Scrcpy is a tool that streams your android screen to your computer, and allows you to send mouse or keyboard input back to the android device. This project modifies scrcpy to also send back automatically generated input by passing the frame on to the OpenCV computer vision library. To see scrcpy-opencv in action, check out this Youtube video!

detected_circle.png

Run it yourself

Building scrcpy

Install dependencies to build scrcpy:
runtime dependencies
sudo apt install ffmpeg libsdl2-2.0-0 adb
client build dependencies
sudo apt install gcc git pkg-config meson ninja-build libavcodec-dev libavformat-dev libavutil-dev libsdl2-dev
server build dependencies
sudo apt install openjdk-8-jdk

Some more dependencies you might not have installed:
sudo apt install g++ cmake libswscale-dev

Clone this repository:
git clone https://github.com/RobbertH/scrcpy-opencv.git
Go into the folder you just cloned:
cd scrcpy-opencv
Save the directory of the prebuilt server in an environment variable, we'll need this later:
PREBUILT_SERVER_PATH=$PWD/prebuilt
Change directory to the desktop part of the project, called scrcpy,
cd scrcpy
then run the following command, making sure $PREBUILT_SERVER_PATH contains the prebuilt scrcpy server:
meson x --buildtype release --strip -Db_lto=true -Dprebuilt_server=$PREBUILT_SERVER_PATH/scrcpy-server-v1.12.1
to configure the build, and then
ninja -Cx
to build the application, so you can finally
./run x
to run the modified scrcpy.

Also make sure your android phone is plugged in over USB and has adb enabled.

Building OpenCV

If the meson step above fails because of OpenCV, you can install it as follows. It's a slight variation on the OpenCV tutorial.
wget https://github.com/opencv/opencv/archive/4.4.0.zip
unzip 4.4.0.zip
cd opencv-4.4.0
mkdir build
cd build
cmake -D OPENCV_GENERATE_PKGCONFIG=ON -D CMAKE_BUILD_TYPE=Release -D CMAKE_INSTALL_PREFIX=/usr/local ..
make -j3
sudo make install
pkg-config --cflags --libs opencv4
sudo ldconfig -v to refresh dynamic linker run-time bindings

After this, meson should find opencv4 and you're good to go.

Making changes

When making changes, make sure to run meson reconfigure and rebuild using ninja -Cx. Alternatively, you could delete the x directory and run the commands above again.

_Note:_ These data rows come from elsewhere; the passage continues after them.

Lemma stage_le_p n : PT_le (fst (stage n)) p.
Proof.
  induction n as [|n IH]; [apply PT_le_refl|].
  destruct (step_correct (stage n) (bits_of_nat n) IH) as [[Hle _] _].
  exact (PT_le_trans _ _ _ Hle IH).
Qed.

Lemma stage_spec n :
  step_spec (fst (stage n)) (snd (stage n)) (bits_of_nat n)
    (fst (stage (S n))) (snd (stage (S n))) (target n).
Proof. exact (step_correct _ _ (stage_le_p n)). Qed.

Definition fusion_of_stages : PT h :=
  fusion h_pos (fun n => fst (stage n)) (fun n => snd (stage n))
    (fun n => proj1 (stage_spec n)).

Lemma fusion_forces_target n : forces fusion_of_stages (target n).
Proof.
  apply forces_mem_of_dense; [exact (@PT_le_refl h) | exact (@PT_le_trans h)|].
  intros r1 Hr1.
  destruct (tree_extend h_pos r1 [] (snd (stage n)) (tree_nil r1)) as [σ [Hσl Hσ]].
  simpl in Hσ. set (r := restrict r1 σ Hσ).
  assert (Hr : PT_le r (fst (stage (S n)))).
  { intros x Hx. exact (fusion_le h_pos _ _ _ (S n) x (Hr1 x (restrict_le r1 σ Hσ x Hx))). }
  exists r. split; [apply restrict_le|].
  destruct (stage_spec n) as (_ & _ & Hforce).
  apply (Hforce σ (Hr σ (restrict_mem r1 σ Hσ)) Hσl r Hr). now intros x [].
Qed.

Lemma dense_set_forced : exists E : list bool -> Prop, dense_seq E /\
  exists q, PT_le q p /\ forall s, E s -> forces q s.
Proof.
  exists (fun t => exists n, t = target n). split.
  - intro s. destruct (bits_of_nat_surj s) as [n <-].
    exists (target n). split; [exact (proj1 (proj2 (stage_spec n))) | now exists n].
  - exists fusion_of_stages. split.
    + exact (fusion_le h_pos _ _ _ 0).
    + intros s [n ->]. apply fusion_forces_target.
Qed.

End CohenPreserving.

Theorem lemma3p4 (h : nat -> nat) (Hh : forall n, 1 < h n) :
  cohen_preserving (PT h) (@PT_le h).
Proof.
  intros p N HD.
  assert (h_pos : forall n, 0 < h n) by (intro n; specialize (Hh n); lia).
  exact (dense_set_forced h h_pos p N HD).
Qed.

The files that this repository changes versus the original scrcpy repository are the following:

  • added: app/src/opencv_injection.cpp This is where all new code is written. It is recommended that you alter this file.
  • added: app/src/opencv_injection.hpp
  • modified: app/src/scrcpy.c Defines a method that can send a tap to the phone (used in opencv_injection.cpp)
  • modified: app/src/scrcpy.h
  • modified: app/src/screen.c This is where the 'hook' is that sends the AVFrame to the opencv_injection function
  • modified: app/meson.build to add dependencies and source files to be compiled
  • modified: meson.build to enable C++ compilation instead of only C

Background and context

I wanted to win a soccer game on android, where you have to tap a ball to keep it in the air. To do so, the 'AVFrame' used in scrcpy is converted to an OpenCV 'mat' so that OpenCV's image processing functions can be run on it. Then, a circle the size of the football is extracted, using "HoughCircles". Lastly, an input tap is sent back to the android device, in the center of that circle.

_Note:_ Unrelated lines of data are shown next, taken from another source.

(* Let $K$ be a countably infinite complete multipartite graph. (i) If $K$ has at least two infinite parts, or infinitely many vertices lying in finite parts, then $K$ is not Ramsey-dense: there is a 2-coloring of the edges of $K_\mathbb{N}$ in which every monochromatic copy of $K$ has upper density $0$. (ii) If $K$ has exactly one infinite part and exactly $n\ge1$ vertices lying in finite parts, then $\frac{1}{2^{2n-1}}\le \mathrm{Rd}_2(K)\le\frac{1}{2^n}$.
   Context: $K_{\mathbb{N}}$ is the complete graph on $\mathbb{N}=\{1,2,\dots\}$; a copy of $K$ is a subgraph of $K_\mathbb{N}$ isomorphic to $K$, monochromatic if all its edges have the same color. $\overline{d}(V)=\limsup_{t\to\infty}|V\cap\{1,\dots,t\}|/t$. A graph is Ramsey-dense if in every 2-coloring of the edges of $K_\mathbb{N}$ there is a monochromatic copy of it with positive upper density. For a 2-coloring $\varphi$, $\mathrm{Rd}_\varphi(K)$ is the supremum of the upper densities of monochromatic copies of $K$, and $\mathrm{Rd}_2(K)=\inf_\varphi\mathrm{Rd}_\varphi(K)$. *)

From HB Require Import structures.
From mathcomp Require Import all_boot all_order all_algebra.
From mathcomp Require Import all_classical all_reals all_analysis.
Set Implicit Arguments. Unset Strict Implicit. Unset Printing Implicit Defensive.
Import Order.TTheory GRing.Theory Num.Theory.
Local Open Scope classical_set_scope.
Local Open Scope ring_scope.

(* A countably infinite complete multipartite graph K is represented on the
   vertex set nat by a part labelling [p : nat -> nat]: vertices u, v are
   adjacent iff [p u <> p v]. *)
Definition part (p : nat -> nat) (i : nat) : set nat := [set v | p v = i].

Definition two_infinite_parts (p : nat -> nat) : Prop :=
  exists i j, i <> j /\ infinite_set (part p i) /\ infinite_set (part p j).

Definition exactly_one_infinite_part (p : nat -> nat) : Prop :=
  exists i, infinite_set (part p i) /\
    forall j, infinite_set (part p j) -> j = i.

Definition finite_part_vertices (p : nat -> nat) : set nat :=
  [set v | finite_set (part p (p v))].

(* A 2-colouring of the edges of K_N (N = {1,2,...}): the edge {x,y} (x <> y)
   gets colour [c (minn x y) (maxn x y)]; every colouring arises this way. *)
Definition coloring := nat -> nat -> bool.
Definition ecol (c : coloring) (x y : nat) : bool := c (minn x y) (maxn x y).

(* A copy of K in K_N is the image of an embedding [f] of the vertices of K
   into N = {1,2,...}; its vertex set is [range f]. It is monochromatic if all
   images of edges of K get the same colour. *)
Definition copy (f : nat -> nat) : Prop :=
  injective f /\ (forall v, (0 < f v)%N).

Definition mono_copy (p : nat -> nat) (c : coloring) (f : nat -> nat) : Prop :=
  copy f /\ exists b : bool, forall u v, p u <> p v -> ecol c (f u) (f v) = b.

Definition dens_seq {R : realType} (V : set nat) (t : nat) : R :=
  (\sum_(1 <= i < t.+1) (if `[< V i >] then 1 else 0 : R)) / t%:R.

Definition upper_density {R : realType} (V : set nat) : \bar R :=
  limn_esup (fun t => (@dens_seq R V t)%:E).

Definition Rd_phi {R : realType} (p : nat -> nat) (c : coloring) : \bar R :=
  ereal_sup [set @upper_density R (range f) | f in mono_copy p c].

Definition Rd2 {R : realType} (p : nat -> nat) : \bar R :=
  ereal_inf [set @Rd_phi R p c | c in [set: coloring]].

From HB Require Import structures.
From mathcomp Require Import all_boot all_order all_algebra.
From mathcomp Require Import all_classical all_reals all_analysis.
From mathcomp Require Import zify lra.
Import Order.TTheory GRing.Theory Num.Theory.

The main modifications to scrcpy include:

  • Modifying the meson config files to compile both scrcpy (C) and the additional functions (C++) that depend on OpenCV (C++).
  • Converting the scrcpy image format to one that OpenCV can understand.
  • Writing the additional functions to use OpenCV and send input to the android device.

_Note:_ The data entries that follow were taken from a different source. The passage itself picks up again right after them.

(* Let $\{\sigma^{(n)}_{AB}\}_{n\ge1}$ be a sequence of density matrices on a fixed finite-dimensional space $\mathcal H_A\otimes\mathcal H_B$ such that $\lim_{n\to\infty}\sigma^{(n)}_{AB}=\rho_{AB}$ and $\lim_{n\to\infty}\mu(\sigma^{(n)}_{AB})=\lambda$. Then $\mu(\rho_{AB})\leq\lambda$. In particular, if $\lambda=0$ then $\rho_{AB}=\rho_A\otimes\rho_B$ is a product state.
   Context: For a bipartite density matrix $\rho_{AB}$ on $\mathcal H_A\otimes\mathcal H_B$ with reduced states $\rho_A=\mathrm{tr}_B\rho_{AB}$, $\rho_B=\mathrm{tr}_A\rho_{AB}$, the maximal correlation is $\mu(\rho_{AB})=\max |\mathrm{tr}(\rho_{AB}\, X_A\otimes Y_B^\dagger)|$, the maximum over $X_A\in\mathbf L(\mathcal H_A)$, $Y_B\in\mathbf L(\mathcal H_B)$ subject to $\mathrm{tr}(\rho_A X_A)=\mathrm{tr}(\rho_B Y_B)=0$ and $\mathrm{tr}(\rho_A X_AX_A^\dagger)=\mathrm{tr}(\rho_B Y_BY_B^\dagger)=1$. *)

From HB Require Import structures.
From mathcomp Require Import all_boot all_order all_algebra.
From mathcomp Require Import all_classical all_reals.
From mathcomp Require Import topology normedtype sequences.
From mathcomp Require Import complex mxtens.

Set Implicit Arguments.
Unset Strict Implicit.
Unset Printing Implicit Defensive.

Import Order.TTheory GRing.Theory Num.Theory.
Import numFieldNormedType.Exports.
Local Open Scope classical_set_scope.
Local Open Scope ring_scope.

(* Complex numbers over a real type R are R[i]; the state space is
   H_A (x) H_B = C^dA (x) C^dB = C^(dA*dB), with the Kronecker indexing
   of mxtens (index (a,b) <-> mxtens_index (a,b)). *)

Definition adjmx (R : realType) (m n : nat) (A : 'M[R[i]]_(m, n)) : 'M[R[i]]_(n, m) :=
  map_mx (@conjc R) A^T.

Definition density (R : realType) (d : nat) (rho : 'M[R[i]]_d) : Prop :=
  [/\ adjmx rho = rho,
      (forall v : 'cV[R[i]]_d, 0 <= (adjmx v *m rho *m v) 0 0)
    & \tr rho = 1].

Definition ptrB (R : realType) (dA dB : nat) (rho : 'M[R[i]]_(dA * dB)) : 'M[R[i]]_dA :=
  \matrix_(a, a') \sum_(b < dB) rho (mxtens_index (a, b)) (mxtens_index (a', b)).

Definition ptrA (R : realType) (dA dB : nat) (rho : 'M[R[i]]_(dA * dB)) : 'M[R[i]]_dB :=
  \matrix_(b, b') \sum_(a < dA) rho (mxtens_index (a, b)) (mxtens_index (a, b')).

(* maximal correlation: the supremum (the maximum, attained by compactness)
   of |tr(rho (X (x) Y^dagger))| over the admissible X, Y *)
Definition maxcorr (R : realType) (dA dB : nat) (rho : 'M[R[i]]_(dA * dB)) : R :=
  sup [set r : R | exists (X : 'M[R[i]]_dA) (Y : 'M[R[i]]_dB),
         [/\ \tr (ptrB rho *m X) = 0, \tr (ptrA rho *m Y) = 0,
             \tr (ptrB rho *m (X *m adjmx X)) = 1,
             \tr (ptrA rho *m (Y *m adjmx Y)) = 1
           & r = Normc.normc (\tr (rho *m (X *t adjmx Y)))]].

(* convergence of a sequence of complex matrices (entrywise, i.e. in any
   norm on the finite-dimensional space), via real and imaginary parts *)
Definition mx_cvg (R : realType) (m n : nat) (s : nat -> 'M[R[i]]_(m, n))
  (L : 'M[R[i]]_(m, n)) : Prop :=
  forall i j,
    (fun k => complex.Re (s k i j)) @ \oo --> complex.Re (L i j) /\
    (fun k => complex.Im (s k i j)) @ \oo --> complex.Im (L i j).

From HB Require Import structures.
From mathcomp Require Import all_boot all_order all_algebra.
From mathcomp Require Import all_classical all_reals.
From mathcomp Require Import topology normedtype sequences.
From mathcomp Require Import complex mxtens.
From mathcomp Require Import ring lra.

Since most work done was part of "making it work" rather than writing the actual code, I figured this might help other people in achieving similar goals. The concrete case of the soccer game is just one example of what can be achieved with this powerful tool: any OpenCV function can be run to produce input to the android device, based on the frames.

If you want to read more, there is a blog post. For questions, simply open an issue.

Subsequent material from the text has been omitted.